(Collected data entries)
————————

(* Dpoly S SQ i = S_i(SQ) - X_i: its norm at the microstates of x measures how far
   the round trip x |-> SQ(x) |-> S(SQ(x)) moves the i-th coordinate. *)
Definition Dpoly (S : nat -> ncpoly QC) (SQ : nat -> ncpoly QC) (i : nat) : ncpoly QC :=
  NCadd (psubst (S i) SQ) (NCmul (NCconst mone) (NCvar i)).

Lemma vars_Dpoly : forall n p S SQ i, (i < n)%nat -> vars_lt p (S i) -> (forall j, (j<p)%nat -> vars_lt n (SQ j)) ->
  vars_lt n (Dpoly S SQ i).
Proof. intros. simpl. repeat split; auto. eapply vars_lt_psubst; eauto. Qed.

Lemma meval_Dpoly : forall k As S SQ i, tuple_allwf k As ->
  opnorm k (meval k As (ncmap QC2C (Dpoly S SQ i))) = opnorm k (mat_sub (meval k As (ncmap QC2C (psubst (S i) SQ))) (As i)).
Proof.
  intros. simpl. rewrite QC2C_mone, mat_mul_scall, mat_id_l by auto. apply opnorm_ext; intros.
  unfold mat_add, mat_sub, mat_scal. Cring.
Qed.

Lemma aeval_Dpoly : forall (A : CStarAlg) x S SQ i,
  aeval A x (ncmap QC2C (Dpoly S SQ i)) = aeval A x (ncmap QC2C (psubst (S i) SQ)) -A x i.
Proof.
  intros. simpl. rewrite QC2C_mone, ca_mulscl, ca_mul1l, <- opp_sc. auto.
Qed.


Lemma meval_symQ_sa : forall k As Q, tuple_allwf k As -> tuple_sa As ->
  mat_selfadj k (meval k As (ncmap QC2C (symQ Q))).
Proof.
  intros. split. apply meval_wf; auto.
  simpl. rewrite QC2C_half, ncmap_padj, <- meval_adj by auto.
  set (X := meval k As (ncmap QC2C Q)).
  assert (HX : mat_wf k X) by (apply meval_wf; auto).
  rewrite mat_mul_scall, mat_id_l by (apply mat_add_wf; auto; apply mat_adj_wf; auto).
  intros i j. unfold mat_adj at 1, mat_scal, mat_add, mat_adj. unfold hC. Cring.
Qed.

(** * Monotonicity in omega *)

Lemma o2_mono_om : forall (A : CStarAlg) n (x : nat -> A) e Rr k eps r om1 om2, is_enum n e -> (1 <= k)%nat ->
  0 < om1 <= om2 ->
  (o2 k n (Gamma_top A n 0 x (fun _ => ca0 A) e Rr k eps r) om2 <= o2 k n (Gamma_top A n 0 x (fun _ => ca0 A) e Rr k eps r) om1)%nat.
Proof.
  intros A n x e Rr k eps r om1 om2 He Hk Hom.
  set (Sg := Gamma_top A n 0 x (fun _ => ca0 A) e Rr k eps r).
  assert (HB : forall As, Sg As -> tuple_wf k n As /\ forall i, (i<n)%nat -> opnorm k (As i) <= Rr).
  { intros As H. apply gamma0_iff in H; [tauto | apply He]. }
  destruct (o2_spec k n Sg om1 (cover_exists k n Sg om1 Rr Hk (proj1 Hom) HB)) as [[L [HL1 [HL2 HL3]]] _].
  apply o2_le. exists L. split; auto. split; auto. intros As HA. destruct (HL3 As HA) as [c [Hc [W [HW Hd]]]].
  exists c; split; auto. exists W; split; auto. lra.
Qed.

————————

**Work to be completed**
Check each line of the records for the string "CStarAlg" and copy those that have it.

**Result of this exercise**
Lemma aeval_Dpoly : forall (A : CStarAlg) x S SQ i,
Lemma o2_mono_om : forall (A : CStarAlg) n (x : nat -> A) e Rr k eps r om1 om2, is_enum n e -> (1 <= k)%nat ->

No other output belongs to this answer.